THE PROBLEM:
Output exactly the lines from the one holding "Variable S : OSig." through the final line of the entries.

RECORDS TO PROCESS:
(* Let $E$ be an Archimedean vector lattice with a weak unit $u$, let $X$ be a compact Hausdorff space and let $T:E\to S(X)$ be an injective lattice homomorphism such that $T(u)=\mathbf{1}_X$ and the closure, with respect to the supremum norm, of $T(E_u)$ equals $C(X)$, where $E_u$ is the ideal of $E$ generated by $u$ (such $X$ and $T$ exist by Wickstead's representation theorem, and $T$ is this representation). Then $T$ is order continuous and $uo$-continuous (i.e. $x_\alpha\xrightarrow{uo}x$ in $E$ implies $T(x_\alpha)\xrightarrow{uo}T(x)$ in $S(X)$). Moreover $T^{-1}:T(E)\to E$ is $uo$-continuous: if $T(x_\alpha)\xrightarrow{uo}T(x)$ in $S(X)$ then $x_\alpha\xrightarrow{uo}x$ in $E$.
   Context: For a topological space $X$, $S(X)$ is the Archimedean vector lattice of equivalence classes of continuous real-valued functions defined on open dense subsets of $X$ (two functions identified if they agree on the intersection of their domains), with pointwise operations; $C(X)$ is viewed inside $S(X)$ and $\mathbf{1}_X$ is the constant function $1$. A net $(x_\alpha)$ in a vector lattice $E$ converges in order to $x$ if there is a net $u_\gamma\downarrow 0$ such that for each $\gamma$ there is $\alpha_0$ with $|x_\alpha-x|\le u_\gamma$ for $\alpha\ge\alpha_0$; it is $uo$-convergent to $x$ if $|x_\alpha-x|\wedge w$ converges in order to $0$ for every $w\in E_+$. An operator is order continuous if it maps order null nets to order null nets. *)

From HB Require Import structures.
From mathcomp Require Import all_boot all_order all_algebra.
From mathcomp Require Import all_classical all_reals all_analysis.
Set Implicit Arguments. Unset Strict Implicit. Unset Printing Implicit Defensive.
Import Order.TTheory GRing.Theory Num.Theory.
Import numFieldNormedType.Exports.
Local Open Scope classical_set_scope.
Local Open Scope ring_scope.

Record VectorLattice (R : realType) := {
  vl_car :> lmodType R;
  vl_le : vl_car -> vl_car -> Prop;
  vl_sup : vl_car -> vl_car -> vl_car;
  vl_inf : vl_car -> vl_car -> vl_car;
  vl_le_refl : forall x, vl_le x x;
  vl_le_trans : forall x y z, vl_le x y -> vl_le y z -> vl_le x z;
  vl_le_anti : forall x y, vl_le x y -> vl_le y x -> x = y;
  vl_le_add : forall x y z, vl_le x y -> vl_le (x + z) (y + z);
  vl_le_scale : forall (a : R) x y, 0 <= a -> vl_le x y -> vl_le (a *: x) (a *: y);
  vl_sup_ub_l : forall x y, vl_le x (vl_sup x y);
  vl_sup_ub_r : forall x y, vl_le y (vl_sup x y);
  vl_sup_least : forall x y z, vl_le x z -> vl_le y z -> vl_le (vl_sup x y) z;
  vl_inf_lb_l : forall x y, vl_le (vl_inf x y) x;
  vl_inf_lb_r : forall x y, vl_le (vl_inf x y) y;
  vl_inf_greatest : forall x y z, vl_le z x -> vl_le z y -> vl_le z (vl_inf x y)
}.

Section VLdefs.
Variables (R : realType) (E : VectorLattice R).

Definition vl_abs (x : E) : E := vl_sup x (- x).

Definition archimedean_vl : Prop :=
  forall x y : E, vl_le 0 x -> (forall n : nat, vl_le (n%:R *: x) y) -> x = 0.

Definition weak_unit (u : E) : Prop :=
  vl_le 0 u /\ forall x : E, vl_inf (vl_abs x) u = 0 -> x = 0.

Definition ideal_gen (u : E) : set E :=
  [set x | exists lam : R, vl_le (vl_abs x) (lam *: u)].
End VLdefs.

Definition directed (A : Type) (leA : A -> A -> Prop) : Prop :=
  [/\ inhabited A, (forall a, leA a a),
      (forall a b c, leA a b -> leA b c -> leA a c) &
      (forall a b, exists c, leA a c /\ leA b c)].

Record OSig := {
  os_car :> Type;
  os_le : os_car -> os_car -> Prop;
  os_zero : os_car;
  os_sub : os_car -> os_car -> os_car;
  os_abs : os_car -> os_car;
  os_meet : os_car -> os_car -> os_car
}.

Section Conv.
Variable S : OSig.

Definition decr_to_zero (G : Type) (leG : G -> G -> Prop) (u : G -> S) : Prop :=
  [/\ directed leG,
      (forall g g', leG g g' -> os_le (u g') (u g)),
      (forall g, os_le (os_zero S) (u g)) &
      (forall w : S, (forall g, os_le w (u g)) -> os_le w (os_zero S))].

Definition ocvg (A : Type) (leA : A -> A -> Prop) (x : A -> S) (l : S) : Prop :=
  exists (G : Type) (leG : G -> G -> Prop) (u : G -> S),
    decr_to_zero leG u /\
    forall g, exists a0, forall a, leA a0 a -> os_le (os_abs (os_sub (x a) l)) (u g).

Definition uocvg (A : Type) (leA : A -> A -> Prop) (x : A -> S) (l : S) : Prop :=
  forall w : S, os_le (os_zero S) w ->
    ocvg leA (fun a => os_meet (os_abs (os_sub (x a) l)) w) (os_zero S).
End Conv.

Definition VL_OSig (R : realType) (E : VectorLattice R) : OSig :=
  {| os_car := E; os_le := @vl_le R E; os_zero := 0;
     os_sub := fun x y => x - y; os_abs := @vl_abs R E; os_meet := @vl_inf R E |}.

(* is a representative (domain, function); two representatives denote the  *)
(* same element of S(X) iff they agree on the intersection of the domains   *)
(* (sx_eq).  All notions below respect this identification.                 *)
(* Since the domain is open, continuity of the restriction to the domain is *)
(* the same as continuity at every point of the domain.                     *)
Record SX (R : realType) (X : topologicalType) := {
  sdom : set X;
  sfun : X -> R;
  sdom_open : open sdom;
  sdom_dense : dense sdom;
  sfun_cont : forall t, sdom t -> {for t, continuous sfun}
}.

Section SXops.
Variables (R : realType) (X : topologicalType).

Lemma denseT : dense (@setT X).
Proof. by move=> O [t Ot] _; exists t. Qed.

Lemma sx_dom2_open (f g : SX R X) : open (sdom f `&` sdom g).
Proof. exact: openI (sdom_open f) (sdom_open g). Qed.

EXERCISE OUTPUT:
Variable S : OSig.

Definition decr_to_zero (G : Type) (leG : G -> G -> Prop) (u : G -> S) : Prop :=
  [/\ directed leG,
      (forall g g', leG g g' -> os_le (u g') (u g)),
      (forall g, os_le (os_zero S) (u g)) &
      (forall w : S, (forall g, os_le w (u g)) -> os_le w (os_zero S))].

Definition ocvg (A : Type) (leA : A -> A -> Prop) (x : A -> S) (l : S) : Prop :=
  exists (G : Type) (leG : G -> G -> Prop) (u : G -> S),
    decr_to_zero leG u /\
    forall g, exists a0, forall a, leA a0 a -> os_le (os_abs (os_sub (x a) l)) (u g).

Definition uocvg (A : Type) (leA : A -> A -> Prop) (x : A -> S) (l : S) : Prop :=
  forall w : S, os_le (os_zero S) w ->
    ocvg leA (fun a => os_meet (os_abs (os_sub (x a) l)) w) (os_zero S).
End Conv.

Definition VL_OSig (R : realType) (E : VectorLattice R) : OSig :=
  {| os_car := E; os_le := @vl_le R E; os_zero := 0;
     os_sub := fun x y => x - y; os_abs := @vl_abs R E; os_meet := @vl_inf R E |}.

(* is a representative (domain, function); two representatives denote the  *)
(* same element of S(X) iff they agree on the intersection of the domains   *)
(* (sx_eq).  All notions below respect this identification.                 *)
(* Since the domain is open, continuity of the restriction to the domain is *)
(* the same as continuity at every point of the domain.                     *)
Record SX (R : realType) (X : topologicalType) := {
  sdom : set X;
  sfun : X -> R;
  sdom_open : open sdom;
  sdom_dense : dense sdom;
  sfun_cont : forall t, sdom t -> {for t, continuous sfun}
}.

Section SXops.
Variables (R : realType) (X : topologicalType).

Lemma denseT : dense (@setT X).
Proof. by move=> O [t Ot] _; exists t. Qed.

Lemma sx_dom2_open (f g : SX R X) : open (sdom f `&` sdom g).
Proof. exact: openI (sdom_open f) (sdom_open g). Qed.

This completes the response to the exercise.